Data items:
───

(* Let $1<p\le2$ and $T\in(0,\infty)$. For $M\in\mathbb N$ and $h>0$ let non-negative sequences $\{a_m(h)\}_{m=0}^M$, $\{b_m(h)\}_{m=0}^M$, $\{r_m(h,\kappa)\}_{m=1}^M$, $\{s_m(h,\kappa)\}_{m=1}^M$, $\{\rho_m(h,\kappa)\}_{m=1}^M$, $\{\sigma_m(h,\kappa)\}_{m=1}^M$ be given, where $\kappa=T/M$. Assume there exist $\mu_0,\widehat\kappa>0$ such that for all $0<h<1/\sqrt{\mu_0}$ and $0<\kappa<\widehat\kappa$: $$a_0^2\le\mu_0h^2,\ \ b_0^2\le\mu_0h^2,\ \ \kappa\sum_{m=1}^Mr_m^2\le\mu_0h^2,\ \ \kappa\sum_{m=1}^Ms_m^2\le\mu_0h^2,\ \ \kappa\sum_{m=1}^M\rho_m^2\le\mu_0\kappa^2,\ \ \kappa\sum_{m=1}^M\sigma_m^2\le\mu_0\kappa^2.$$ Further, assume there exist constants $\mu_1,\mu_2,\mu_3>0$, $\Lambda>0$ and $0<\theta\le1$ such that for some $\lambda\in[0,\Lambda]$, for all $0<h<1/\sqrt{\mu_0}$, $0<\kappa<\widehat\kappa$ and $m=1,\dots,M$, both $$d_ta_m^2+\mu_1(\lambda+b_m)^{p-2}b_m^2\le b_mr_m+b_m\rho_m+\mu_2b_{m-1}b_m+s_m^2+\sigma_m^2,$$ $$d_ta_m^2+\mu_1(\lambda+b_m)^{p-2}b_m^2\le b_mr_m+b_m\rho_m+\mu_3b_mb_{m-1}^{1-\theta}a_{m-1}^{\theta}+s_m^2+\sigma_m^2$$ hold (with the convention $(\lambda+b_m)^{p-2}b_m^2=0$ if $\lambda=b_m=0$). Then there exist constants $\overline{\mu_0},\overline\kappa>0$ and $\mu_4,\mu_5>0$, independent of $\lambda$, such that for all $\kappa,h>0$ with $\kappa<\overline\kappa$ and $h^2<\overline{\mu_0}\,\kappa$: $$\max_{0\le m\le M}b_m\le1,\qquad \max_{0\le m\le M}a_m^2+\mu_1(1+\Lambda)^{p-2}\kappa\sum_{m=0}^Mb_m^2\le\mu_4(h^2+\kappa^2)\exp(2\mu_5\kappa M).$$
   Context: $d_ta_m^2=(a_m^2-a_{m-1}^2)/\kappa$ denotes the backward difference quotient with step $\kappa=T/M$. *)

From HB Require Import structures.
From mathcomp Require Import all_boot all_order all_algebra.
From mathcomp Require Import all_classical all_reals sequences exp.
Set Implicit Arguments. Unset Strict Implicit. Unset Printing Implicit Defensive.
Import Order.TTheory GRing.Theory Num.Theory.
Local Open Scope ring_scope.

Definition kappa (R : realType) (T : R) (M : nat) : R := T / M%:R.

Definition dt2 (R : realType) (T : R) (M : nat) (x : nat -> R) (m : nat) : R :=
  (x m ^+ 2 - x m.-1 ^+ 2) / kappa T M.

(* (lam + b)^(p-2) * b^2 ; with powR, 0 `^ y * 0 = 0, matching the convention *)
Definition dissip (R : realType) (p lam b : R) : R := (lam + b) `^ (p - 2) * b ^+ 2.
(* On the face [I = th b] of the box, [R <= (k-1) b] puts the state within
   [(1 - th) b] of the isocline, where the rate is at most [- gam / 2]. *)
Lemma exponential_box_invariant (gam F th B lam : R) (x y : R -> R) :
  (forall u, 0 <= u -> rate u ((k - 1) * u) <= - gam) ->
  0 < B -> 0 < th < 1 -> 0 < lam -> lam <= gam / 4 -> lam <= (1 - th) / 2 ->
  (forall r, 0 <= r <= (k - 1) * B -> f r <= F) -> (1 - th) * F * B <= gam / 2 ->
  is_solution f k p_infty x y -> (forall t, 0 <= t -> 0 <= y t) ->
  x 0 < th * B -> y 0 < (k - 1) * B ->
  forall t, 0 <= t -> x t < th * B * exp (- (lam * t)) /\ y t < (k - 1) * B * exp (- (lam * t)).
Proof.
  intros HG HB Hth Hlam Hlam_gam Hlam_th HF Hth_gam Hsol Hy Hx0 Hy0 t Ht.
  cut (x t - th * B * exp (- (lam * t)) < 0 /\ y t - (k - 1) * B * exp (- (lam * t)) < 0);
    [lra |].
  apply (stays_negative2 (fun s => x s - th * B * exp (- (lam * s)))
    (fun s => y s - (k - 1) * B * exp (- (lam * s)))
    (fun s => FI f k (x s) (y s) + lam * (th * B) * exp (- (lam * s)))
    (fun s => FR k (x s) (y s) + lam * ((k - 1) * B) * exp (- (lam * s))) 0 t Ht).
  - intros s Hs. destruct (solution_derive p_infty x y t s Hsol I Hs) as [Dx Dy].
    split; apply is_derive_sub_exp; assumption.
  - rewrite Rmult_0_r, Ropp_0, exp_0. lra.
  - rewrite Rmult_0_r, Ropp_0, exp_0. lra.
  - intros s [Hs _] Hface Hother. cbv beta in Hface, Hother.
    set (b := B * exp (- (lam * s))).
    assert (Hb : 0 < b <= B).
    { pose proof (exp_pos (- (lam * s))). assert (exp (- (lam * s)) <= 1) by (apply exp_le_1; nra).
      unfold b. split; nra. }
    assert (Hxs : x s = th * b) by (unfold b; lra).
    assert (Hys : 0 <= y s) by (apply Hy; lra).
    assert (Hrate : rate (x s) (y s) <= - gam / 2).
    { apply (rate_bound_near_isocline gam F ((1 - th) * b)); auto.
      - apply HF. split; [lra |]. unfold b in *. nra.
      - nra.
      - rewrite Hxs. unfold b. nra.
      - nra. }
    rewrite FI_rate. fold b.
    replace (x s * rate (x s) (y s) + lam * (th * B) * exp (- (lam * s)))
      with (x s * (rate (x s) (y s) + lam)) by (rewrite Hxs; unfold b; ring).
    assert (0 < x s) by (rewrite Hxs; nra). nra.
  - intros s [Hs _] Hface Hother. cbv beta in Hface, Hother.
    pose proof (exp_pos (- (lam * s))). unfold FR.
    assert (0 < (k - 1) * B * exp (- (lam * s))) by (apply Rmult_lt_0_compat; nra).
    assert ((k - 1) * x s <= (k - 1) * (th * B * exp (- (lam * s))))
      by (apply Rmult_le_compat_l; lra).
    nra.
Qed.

───

Problem requirements
Show the lines of the entries that include the string "Hsol", copying each in full.

Response area
  intros HG HB Hth Hlam Hlam_gam Hlam_th HF Hth_gam Hsol Hy Hx0 Hy0 t Ht.
  - intros s Hs. destruct (solution_derive p_infty x y t s Hsol I Hs) as [Dx Dy].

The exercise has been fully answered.